The problem the government faces is that while it needs to impose the austerity measures required by the IMF to qualify for the emergency funding, those same measures are applying a brake to the already contracting economy.
In late July, the European Bank for Reconstruction and Development (EBRD) warned that the government’s policies will serve to further dampen domestic demand in the short term, cooling the economy still more.
The minister of finance, Sebastian Vladescu, has acknowledged the validity of the EBRD’s concerns, saying that the new VAT rate will have an impact on growth. “We have to analyse the effect of introducing a 24% VAT to see if the recession will be of -1%, -1.5% or -2% this year,” Vladescu told local media on July 26.
Combined with the fears of a renewed slowdown are concerns that the VAT rate hike may fuel inflation, with consumer price rises currently running at more than 4% year-on-year.

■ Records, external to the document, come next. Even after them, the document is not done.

(* Knock in round robin, and call door i critical at time k when it is closed
   while all doors below it are open.  If some door is still closed, the least
   closed door is critical, so P(tau > k) <= sum_i P(i critical at k), and it
   suffices to bound the expected number of critical times of door i before N
   by d * sum_(n < N) p_i(n).  While door i is critical, every knock on it sees
   all lower doors open and round robin knocks on it at least once every d
   steps, so by monotonicity of phi_i the probability that it is still closed
   j steps into that period is at most p_i(j %/ d): earlier knocks on it
   only help.  This is made rigorous with a supermartingale [potential] over
   the finite trajectories of the knocking process. *)

Section Configuration.
Variables (R : realType) (d : nat) (C : config R d).
Implicit Types (i : 'I_d) (h : seq {set 'I_d}) (y : {set 'I_d}).

Lemma valid_cat i s1 s2 : valid i (s1 ++ s2) = valid i s1 && valid i s2.
Proof. by rewrite /valid all_cat. Qed.

Lemma valid_rcons i s x : valid i (rcons s x) = valid i s && (x \subset preds i).
Proof. by rewrite /valid all_rcons andbC. Qed.

Lemma valid_nseq i n : valid i (nseq n (preds i)).
Proof. by rewrite /valid all_nseq subxx orbT. Qed.
(* Let $A$ be a finite nonempty set. (a) For every $M\subseteq A^A$: $(\overline{M})^{*}=\mathrm{Pol}\,\mathrm{gQuord}\,M$. (b) For a monoid $M\le A^A$ the following are equivalent: (i) $M$ is u-closed; (i)$'$ $M^{*}$ is a clone; (i)$''$ $\Gamma_M\in\mathrm{gQuord}(A)$; (ii) $M=\mathrm{End}\,Q$ for some $Q\subseteq\mathrm{gQuord}(A)$; (iii) $M^{*}=\mathrm{Pol}\,Q$ for some $Q\subseteq\mathrm{gQuord}(A)$; moreover the same $Q$ can be taken in (ii) and (iii). (c) For $Q\subseteq\mathrm{Rel}(A)$ the following are equivalent: (i) $\mathrm{End}\,Q$ is u-closed; (i)$'$ $(\mathrm{End}\,Q)^{*}$ is a clone; (i)$''$ $\Gamma_{\mathrm{End}\,Q}\in\mathrm{gQuord}(A)$; (ii) there is $Q'\subseteq\mathrm{gQuord}(A)$ with $\mathrm{End}\,Q=\mathrm{End}\,Q'$; (ii)$'$ there is $Q'\subseteq\mathrm{gQuord}(A)$ with $[Q]_{\exists,\wedge,\vee,=}=[Q']_{\exists,\wedge,\vee,=}$; (iii) there is $Q'\subseteq\mathrm{gQuord}(A)$ with $(\mathrm{End}\,Q)^{*}=\mathrm{Pol}\,Q'$; moreover the same $Q'$ can be taken in (ii) and (iii), and instead of ''there is $Q'\subseteq\mathrm{gQuord}(A)$'' one may take ''there is $\rho\in\mathrm{gQuord}(A)$'' with $Q'=\{\rho\}$.
   Context: $\mathrm{Rel}(A)$ is the set of all finitary relations on $A$. An operation preserves a relation if componentwise application to tuples of the relation gives a tuple of the relation; $\mathrm{Pol}\,Q$ (resp. $\mathrm{End}\,Q$) is the set of all finitary operations (resp. unary maps) preserving all relations of $Q$. A relation $\rho\subseteq A^m$ is a generalized quasiorder if it is reflexive and for every $m\times m$-matrix over $A$ whose rows and columns all belong to $\rho$, the diagonal belongs to $\rho$; $\mathrm{gQuord}(A)$ is the set of all of them, and for $M\subseteq A^A$, $\mathrm{gQuord}\,M$ is the set of those preserved by all maps in $M$. Writing $A=\{a_1,\dots,a_k\}$, $\Gamma_M:=\{(g a_1,\dots,g a_k)\mid g\in M\}$. A translation of an $n$-ary $f$ is a unary map $x\mapsto f(b_1,\dots,b_{i-1},x,b_{i+1},\dots,b_n)$ with fixed $b_j$; $\mathrm{trl}(f)$ is the set of translations ($\{f\}$ for unary $f$); $N^*:=\{f\mid\mathrm{trl}(f)\subseteq N\}$. The u-closure $\overline M$ is the intersection of all monoids $N$ with $M\subseteq N\le A^A$ such that $N^*$ is a clone; $M$ is u-closed if $\overline M=M$. $[Q]_{\exists,\wedge,\vee,=}$ denotes the set of all relations definable from relations in $Q$ by positive formulas (formulas built from relation symbols of $Q$ and equality using only $\exists,\wedge,\vee$). *)

From mathcomp Require Import all_boot.
From mathcomp Require Import boolp.
Set Implicit Arguments.
Unset Strict Implicit.
Unset Printing Implicit Defensive.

The government’s commitment to the IMF-backed austerity programme has another cost as well, with the popularity of both the president and the coalition falling. The approval ratings for both President Traian Basescu and the prime minister have fallen to below 20%, according to the results of an opinion poll conducted in mid-July and released at the end of that month.

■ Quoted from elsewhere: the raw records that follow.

(* Write N^Gamma := T_B o N o T_B' for the partial transpose of a bipartite
   map, and fix a pure input |v><v| on R (x) A'B'.  Then
   (id (x) Theta(M)^Gamma)(|v><v|) is (id (x) Ppost^Gamma) applied to
   (id (x) (M^Gamma (x) id))(rho), where rho := (id (x) Ppre^Gamma)(|v><v|)
   is a state because Ppre^Gamma is CP and trace preserving.  Factoring
   rho = G G^H yields a purification |w> of rho on an enlarged reference,
   and (id (x) (M^Gamma (x) id))(rho) is a partial trace of the self-adjoint
   operator W := (id (x) M^Gamma)(|w><w|).  The map "partial trace, then
   id (x) Ppost^Gamma" is positive and trace preserving, and such maps do not
   increase the trace norm of self-adjoint operators (Jordan decomposition
   W = W+ - W-).  So ||(id (x) Theta(M)^Gamma)(|v><v|)||_1 <= ||W||_1, and
   every bound on the diamond norm of M^Gamma bounds that of Theta(M)^Gamma. *)

Section QuantumOps.
Variable C : numClosedFieldType.

Lemma opE_mkop (I : finType) (f : I -> I -> C) i j : opE (mkop f) i j = f i j.
Proof. by rewrite /opE /mkop mxE !enum_rankK. Qed.

Lemma op_ext (I : finType) (X Y : Op C I) :
  (forall i j, opE X i j = opE Y i j) -> X = Y.
Proof.
move=> eqXY; apply/matrixP => k l.
by rewrite -[k]enum_valK -[l]enum_valK; apply: eqXY.
Qed.

Lemma opE_add (I : finType) (X Y : Op C I) i j :
  opE (X + Y) i j = opE X i j + opE Y i j.
Proof. by rewrite /opE mxE. Qed.

Lemma opE_sub (I : finType) (X Y : Op C I) i j :
  opE (X - Y) i j = opE X i j - opE Y i j.
Proof. by rewrite /opE !mxE. Qed.

Lemma opE_scale (I : finType) (a : C) (X : Op C I) i j :
  opE (a *: X) i j = a * opE X i j.
Proof. by rewrite /opE mxE. Qed.

Lemma opE_sum (I J : finType) (F : J -> Op C I) i j :
  opE (\sum_k F k) i j = \sum_k opE (F k) i j.
Proof. by rewrite /opE summxE. Qed.

Lemma opE_adj (I : finType) (X : Op C I) i j : opE (adj X) i j = (opE X j i)^*.
Proof. by rewrite /opE !mxE. Qed.

Lemma sum_enum_val (I : finType) (F : I -> C) :
  \sum_(k < #|I|) F (enum_val k) = \sum_i F i.
Proof.
rewrite (reindex (@enum_rank I)) /=;
  last exact/onW_bij/(Bijective (@enum_rankK I) (@enum_valK I)).
by apply: eq_bigr => i _; rewrite enum_rankK.
Qed.

Lemma sum_pair (I J : finType) (F : I * J -> C) :
  \sum_p F p = \sum_i \sum_j F (i, j).
Proof. by rewrite pair_bigA; apply: eq_bigr => -[]. Qed.

Lemma sum_bij (I J : finType) (g : I -> J) :
  bijective g -> forall F : J -> C, \sum_j F j = \sum_i F (g i).
Proof. by move=> bij_g F; rewrite (reindex g) //; apply: onW_bij. Qed.

Lemma trE (I : finType) (X : Op C I) : \tr X = \sum_i opE X i i.
Proof. by rewrite -sum_enum_val; apply: eq_bigr => k _; rewrite /opE enum_valK. Qed.

Lemma adjB m n (X Y : 'M[C]_(m, n)) : adj (X - Y) = adj X - adj Y.
Proof. by apply/matrixP => i j; rewrite !mxE rmorphB. Qed.

Lemma adjD m n (X Y : 'M[C]_(m, n)) : adj (X + Y) = adj X + adj Y.
Proof. by apply/matrixP => i j; rewrite !mxE rmorphD. Qed.

Lemma adjZ m n (c : C) (X : 'M[C]_(m, n)) : adj (c *: X) = c^* *: adj X.
Proof. by apply/matrixP => i j; rewrite !mxE rmorphM. Qed.

Lemma adj_mul m n p (X : 'M[C]_(m, n)) (Y : 'M[C]_(n, p)) :
  adj (X *m Y) = adj Y *m adj X.
Proof. by rewrite /adj map_mxM trmx_mul. Qed.

Lemma adjK m n (X : 'M[C]_(m, n)) : adj (adj X) = X.
Proof. by apply/matrixP => i j; rewrite !mxE conjCK. Qed.

Lemma adj_hermsym n (X : 'M[C]_n) : adj X = X -> X \is hermsymmx.
Proof.
move=> X_sa; rewrite qualifE expr0 scale1r; apply/eqP; rewrite -{1}X_sa.
by apply/matrixP => i j; rewrite !mxE.
Qed.

Definition sform n (X : 'M[C]_n) (u w : 'cV[C]_n) : C := (adj u *m X *m w) 0 0.

Lemma sform_delta n (X : 'M[C]_n) i j :
  sform X (delta_mx i 0) (delta_mx j 0) = X i j.
Proof.
rewrite /sform mxE (bigD1 j) //= big1 ?addr0; last first.
  by move=> k /negPf kj; rewrite !mxE kj mulr0.
rewrite !mxE eqxx mulr1 (bigD1 i) //= big1 ?addr0; last first.
  by move=> k /negPf ki; rewrite !mxE ki rmorph0 mul0r.
by rewrite !mxE eqxx /= rmorph1 mul1r.
Qed.

Lemma sform_expand n (X : 'M[C]_n) (u w : 'cV[C]_n) (c : C) :
  sform X (u + c *: w) (u + c *: w) = sform X u u + c * sform X u w
    + c^* * sform X w u + c^* * c * sform X w w.
Proof.
rewrite /sform adjD adjZ !(mulmxDl, mulmxDr) -!scalemxAl -!scalemxAr !mxE.
by ring.
Qed.

Lemma polarization_conj (a b : C) :
  (forall c, (c * a + c^* * b)^* = c * a + c^* * b) -> b = a^*.
Proof.
move=> real_mix; have := real_mix 1; have := real_mix 'i.
rewrite !rmorphD !rmorphM /= !conjCK conjCi conjC1 !mul1r => ri r1.
have {}ri : b^* - a^* = a - b.
  apply: (mulfI (@neq0Ci C)).
  by rewrite !mulrBr [_ - _ * a^*]addrC -!mulNr ri.
have : (b - a^*) *+ 2 = 0.
  rewrite mulr2n.
  have -> : b - a^* + (b - a^*) = (a + b - (a^* + b^*)) + ((b^* - a^*) - (a - b)).
    by ring.
  by rewrite r1 ri !subrr addr0.
by move/eqP; rewrite mulrn_eq0 /= subr_eq0 => /eqP.
Qed.

Lemma psd_adj n (X : 'M[C]_n) : psd X -> adj X = X.
Proof.
move=> pX; apply/matrixP => i j; rewrite !mxE.
have real_diag v : (sform X v v)^* = sform X v v by exact/conj_Creal/ger0_real/pX.
rewrite -!sform_delta; symmetry; apply: polarization_conj => c.
set ej := delta_mx j 0; set ei := delta_mx i 0.
have -> : c * sform X ej ei + c^* * sform X ei ej =
    sform X (ej + c *: ei) (ej + c *: ei) - sform X ej ej - c^* * c * sform X ei ei.
  by rewrite sform_expand; ring.
by rewrite !rmorphB !rmorphM /= !real_diag conjCK [c * c^*]mulrC.
Qed.

Definition qform (I : finType) (X : Op C I) (u : I -> C) : C :=
  \sum_i \sum_j (u i)^* * opE X i j * u j.

Lemma qformE (I : finType) (X : Op C I) (v : 'cV[C]_#|I|) :
  (adj v *m X *m v) 0 0 = qform X (fun i => v (enum_rank i) 0).
Proof.
rewrite /qform mxE; under eq_bigr do rewrite mxE mulr_suml.
rewrite exchange_big -[RHS]sum_enum_val; apply: eq_bigr => l _.
rewrite -[RHS]sum_enum_val; apply: eq_bigr => k _.
by rewrite /opE !mxE !enum_valK.
Qed.

Lemma psdP (I : finType) (X : Op C I) : psd X <-> forall u, 0 <= qform X u.
Proof.
split=> [pX u|pX v]; last by rewrite qformE.
have := pX (\col_k u (enum_val k)); rewrite qformE; congr (0 <= _).
by apply: eq_bigr => i _; apply: eq_bigr => j _; rewrite !mxE !enum_rankK.
Qed.

Lemma psd_vv n (v : 'cV[C]_n) : psd (v *m adj v).
Proof.
move=> w; have -> : adj w *m (v *m adj v) *m w = (adj w *m v) *m (adj v *m w).
  by rewrite !mulmxA.
rewrite -[adj v *m w]adjK adj_mul adjK.
by rewrite mxE big_ord1 /adj !mxE mul_conjC_ge0.
Qed.

Lemma psd_conj_diag n (P : 'M[C]_n) (e : 'rV[C]_n) : P \is unitarymx ->
  (forall i, 0 <= e 0 i) -> psd (invmx P *m diag_mx e *m P).
Proof.
move=> PU e_ge0 v; rewrite invmx_unitary //.
have -> : P^t* = adj P by apply/matrixP => i j; rewrite !mxE.
rewrite !mulmxA -adj_mul -!mulmxA mulmxA; set w := P *m v.
rewrite mxE; apply: sumr_ge0 => i _; rewrite mul_mx_diag !mxE.
by rewrite mulrAC mulr_ge0 // mulrC mul_conjC_ge0.
Qed.

Lemma psd_diag_ge0 n (X P : 'M[C]_n) i : P \is unitarymx -> psd X ->
  0 <= (P *m X *m invmx P) i i.
Proof.
move=> PU pX; rewrite invmx_unitary //.
set w : 'cV[C]_n := \col_k (P i k)^*.
have -> : (P *m X *m P^t*) i i = (adj w *m X *m w) 0 0.
  rewrite !mxE; apply: eq_bigr => k _; rewrite !mxE; congr (_ * _).
  by apply: eq_bigr => l _; rewrite !mxE conjCK.
exact: pX.
Qed.

Lemma tr_conj_diag n (P : 'M[C]_n) (e : 'rV[C]_n) : P \in unitmx ->
  \tr (invmx P *m diag_mx e *m P) = \sum_i e 0 i.
Proof. by move=> Pu; rewrite mxtrace_mulC mulmxA mulmxV // mul1mx mxtrace_diag. Qed.

Lemma psd_factor n (X : 'M[C]_n) : psd X -> exists G : 'M[C]_n, X = G *m adj G.
Proof.
move=> pX; have /hermitian_normalmx/orthomx_spectralP EX :=
  adj_hermsym (psd_adj pX).
set P := spectralmx X in EX; set d := spectral_diag X in EX *.
have Pu : P \in unitmx by apply: spectral_unit.
have PU : P \is unitarymx by apply: spectral_unitarymx.
have d_ge0 i : 0 <= d 0 i.
  have := psd_diag_ge0 i PU pX; congr (0 <= _).
  by rewrite {1}EX !mulmxA mulmxV // mul1mx mulmxK // mxE eqxx mulr1n.
pose s := \row_i sqrtC (d 0 i).
exists (invmx P *m diag_mx s); rewrite adj_mul -mulmxA (mulmxA (diag_mx s)).
have -> : adj (diag_mx s) = diag_mx s.
  apply/matrixP => i j; rewrite /adj !mxE.
  case: (eqVneq i j) => [->|_]; last by rewrite !mulr0n rmorph0.
  by rewrite !mulr1n conj_Creal // sqrtC_real.
have -> : adj (invmx P) = P.
  by rewrite invmx_unitary //; apply/matrixP => i j; rewrite /adj !mxE conjCK.
rewrite mulmx_diag !mulmxA {1}EX; congr (_ *m diag_mx _ *m _).
by apply/rowP => i; rewrite !mxE -expr2 sqrtCK.
Qed.

Lemma char_poly_conj n (P D : 'M[C]_n) : P \in unitmx ->
  char_poly (invmx P *m D *m P) = char_poly D.
Proof.
move=> Pu; rewrite /char_poly /char_poly_mx.
have -> : 'X%:M - map_mx polyC (invmx P *m D *m P) =
   map_mx polyC (invmx P) *m ('X%:M - map_mx polyC D) *m map_mx polyC P.
  rewrite !map_mxM mulmxBr mulmxBl mul_mx_scalar -scalemxAl.
  by rewrite -[X in _ *: X]map_mxM mulVmx // map_mx1 scalemx1.
rewrite !det_mulmx !det_map_mx mulrC mulrA -rmorphM -det_mulmx mulmxV //.
by rewrite det1 rmorph1 mul1r.
Qed.

Lemma eigvals_conj n (P : 'M[C]_n) (e : 'rV[C]_n) : P \in unitmx ->
  perm_eq (eigvals (invmx P *m diag_mx e *m P)) [seq e 0 i | i <- enum 'I_n].
Proof.
move=> Pu; rewrite /eigvals; case: closed_field_poly_normal => r /= Hr.
rewrite char_poly_conj // char_poly_trig ?diag_mx_is_trig // in Hr.
have := monic_prod_XsubC (index_enum 'I_n) xpredT (fun i => diag_mx e i i).
move/monicP => lead1; rewrite lead1 scale1r in Hr.
apply: prod_XsubC_eq; rewrite -Hr big_map big_enum /=.
by apply: eq_bigr => i _; rewrite mxE eqxx mulr1n.
Qed.

Lemma tnorm_herm n (Z : 'M[C]_n) : Z \is hermsymmx ->
  tnorm Z = \sum_i `|spectral_diag Z 0 i|.
Proof.
move=> Zh; have /orthomx_spectralP EZ := hermitian_normalmx Zh.
have dR := hermitian_spectral_diag_real Zh.
set P := spectralmx Z in EZ; set d := spectral_diag Z in EZ dR *.
have Pu : P \in unitmx by apply: spectral_unit.
have Z_sa : adj Z = Z.
  move: Zh; rewrite qualifE expr0 scale1r => /eqP {2}->.
  by apply/matrixP => i j; rewrite !mxE.
have ZZ : adj Z *m Z = invmx P *m diag_mx (\row_j (d 0 j * d 0 j)) *m P.
  rewrite Z_sa {1 2}EZ -!mulmxA; congr (_ *m _).
  by rewrite !mulmxA mulmxK // mulmx_diag.
rewrite /tnorm ZZ (perm_big _ (eigvals_conj _ Pu)) big_map big_enum /=.
apply: eq_bigr => i _; rewrite mxE -expr2 -real_normK ?sqrCK //.
exact: (mxOverP dR).
Qed.

Lemma herm_split n (X : 'M[C]_n) : adj X = X ->
  exists Xp Xm, [/\ psd Xp, psd Xm, X = Xp - Xm & tnorm X = \tr Xp + \tr Xm].
Proof.
move=> /adj_hermsym Xh; have /orthomx_spectralP EX := hermitian_normalmx Xh.
have dR := hermitian_spectral_diag_real Xh.
rewrite tnorm_herm //.
set P := spectralmx X in EX; set d := spectral_diag X in EX dR *.
have Pu : P \in unitmx by apply: spectral_unit.
have PU : P \is unitarymx by apply: spectral_unitarymx.
have dRi i : d 0 i \is Num.real by apply: (mxOverP dR).
pose dp := \row_i ((`|d 0 i| + d 0 i) / 2).
pose dm := \row_i ((`|d 0 i| - d 0 i) / 2).
exists (invmx P *m diag_mx dp *m P), (invmx P *m diag_mx dm *m P); split.
- apply: psd_conj_diag => // i; rewrite mxE divr_ge0 ?ler0n //.
  by rewrite -lerBlDr sub0r -normrN real_ler_norm ?rpredN.
- apply: psd_conj_diag => // i; rewrite mxE divr_ge0 ?ler0n //.
  by rewrite subr_ge0 real_ler_norm.
- rewrite -mulmxBl -mulmxBr {1}EX; congr (_ *m _ *m _).
  apply/matrixP => i j; rewrite !mxE -mulrnBl; congr (_ *+ _).
  by field.
- rewrite !tr_conj_diag // -big_split; apply: eq_bigr => i _; rewrite !mxE.
  by change (`|d 0 i| = (`|d 0 i| + d 0 i) / 2 + (`|d 0 i| - d 0 i) / 2); field.
Qed.

Lemma tnorm_psd_diff n (A B : 'M[C]_n) : psd A -> psd B ->
  tnorm (A - B) <= \tr A + \tr B.
Proof.
move=> pA pB; have Zh : (A - B) \is hermsymmx.
  by apply: adj_hermsym; rewrite adjB !psd_adj.
rewrite tnorm_herm //; have /orthomx_spectralP EZ := hermitian_normalmx Zh.
set P := spectralmx (A - B) in EZ; set d := spectral_diag (A - B) in EZ *.
have Pu : P \in unitmx by apply: spectral_unit.
have PU : P \is unitarymx by apply: spectral_unitarymx.
pose conjP X := P *m X *m invmx P.
have dE i : d 0 i = conjP A i i - conjP B i i.
  have : conjP (A - B) = diag_mx d.
    by rewrite /conjP {1}EZ !mulmxA mulmxV // mul1mx mulmxK.
  by move/matrixP/(_ i i); rewrite /conjP mulmxBr mulmxBl !mxE eqxx mulr1n => <-.
have trP X : \sum_i conjP X i i = \tr X.
  by rewrite -/(\tr _) mxtrace_mulC mulmxA mulVmx // mul1mx.
under eq_bigr do rewrite dE.
apply: le_trans (ler_sum _ (fun i _ => ler_normB _ _)) _.
rewrite big_split /= -(trP A) -(trP B); apply: lerD; apply: ler_sum => i _;
  by rewrite ger0_norm // psd_diag_ge0.
Qed.

Lemma tnorm_contract m n (f : 'M[C]_m -> 'M[C]_n) (W : 'M[C]_m) :
  (forall X Y, f (X - Y) = f X - f Y) -> (forall X, psd X -> psd (f X)) ->
  (forall X, \tr (f X) = \tr X) -> adj W = W -> tnorm (f W) <= tnorm W.
Proof.
move=> fB f_pos f_tr /herm_split [Wp [Wm [pWp pWm -> ->]]].
by rewrite fB -!(f_tr Wp) -(f_tr Wm); apply: tnorm_psd_diff; apply: f_pos.
Qed.

Section Linear.
Variables (I J : finType) (f : Op C I -> Op C J).
Hypothesis lin_f : linear f.

Lemma linB X Y : f (X - Y) = f X - f Y.
Proof. exact: zmod_morphism_linear lin_f X Y. Qed.

Lemma lin0 : f 0 = 0.
Proof. by rewrite -(subrr 0) linB subrr. Qed.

The poll also showed that support for Boc’s Democratic Liberal Party had plunged, with the party slipping to third in the rankings. Just 13.7% of those surveyed said they would vote for the main government party, down from the 33% it garnered at the November 2008 general election.
Even nature seems to be conspiring against the government, with recent flooding, coming hard on the heels of a prolonged drought, slashing estimates for the wheat crop. On July 28, officials at the Ministry of Agriculture announced that this year’s harvest was now projected to be around 6m tonnes, well down on the 6.7m tonnes forecast in June. Up to 20% of the 2m ha planted for wheat had been affected by adverse weather conditions, officials said, warning that there could be an increase in the price of bread in the autumn.
Unlike the EBRD, which has projected that Romania’s economy will contract by 3% this year, and not register any growth in 2011, the IMF has forecast that while GDP will fall by 0.5% in 2010, there will be a modest rebound next year.
Despite the IMF’s guarded optimism, it may be late in 2011 or even beyond before Romania’s economy can return to solid growth, with little to suggest that there will be too many silver linings for the public or the government in the coming months.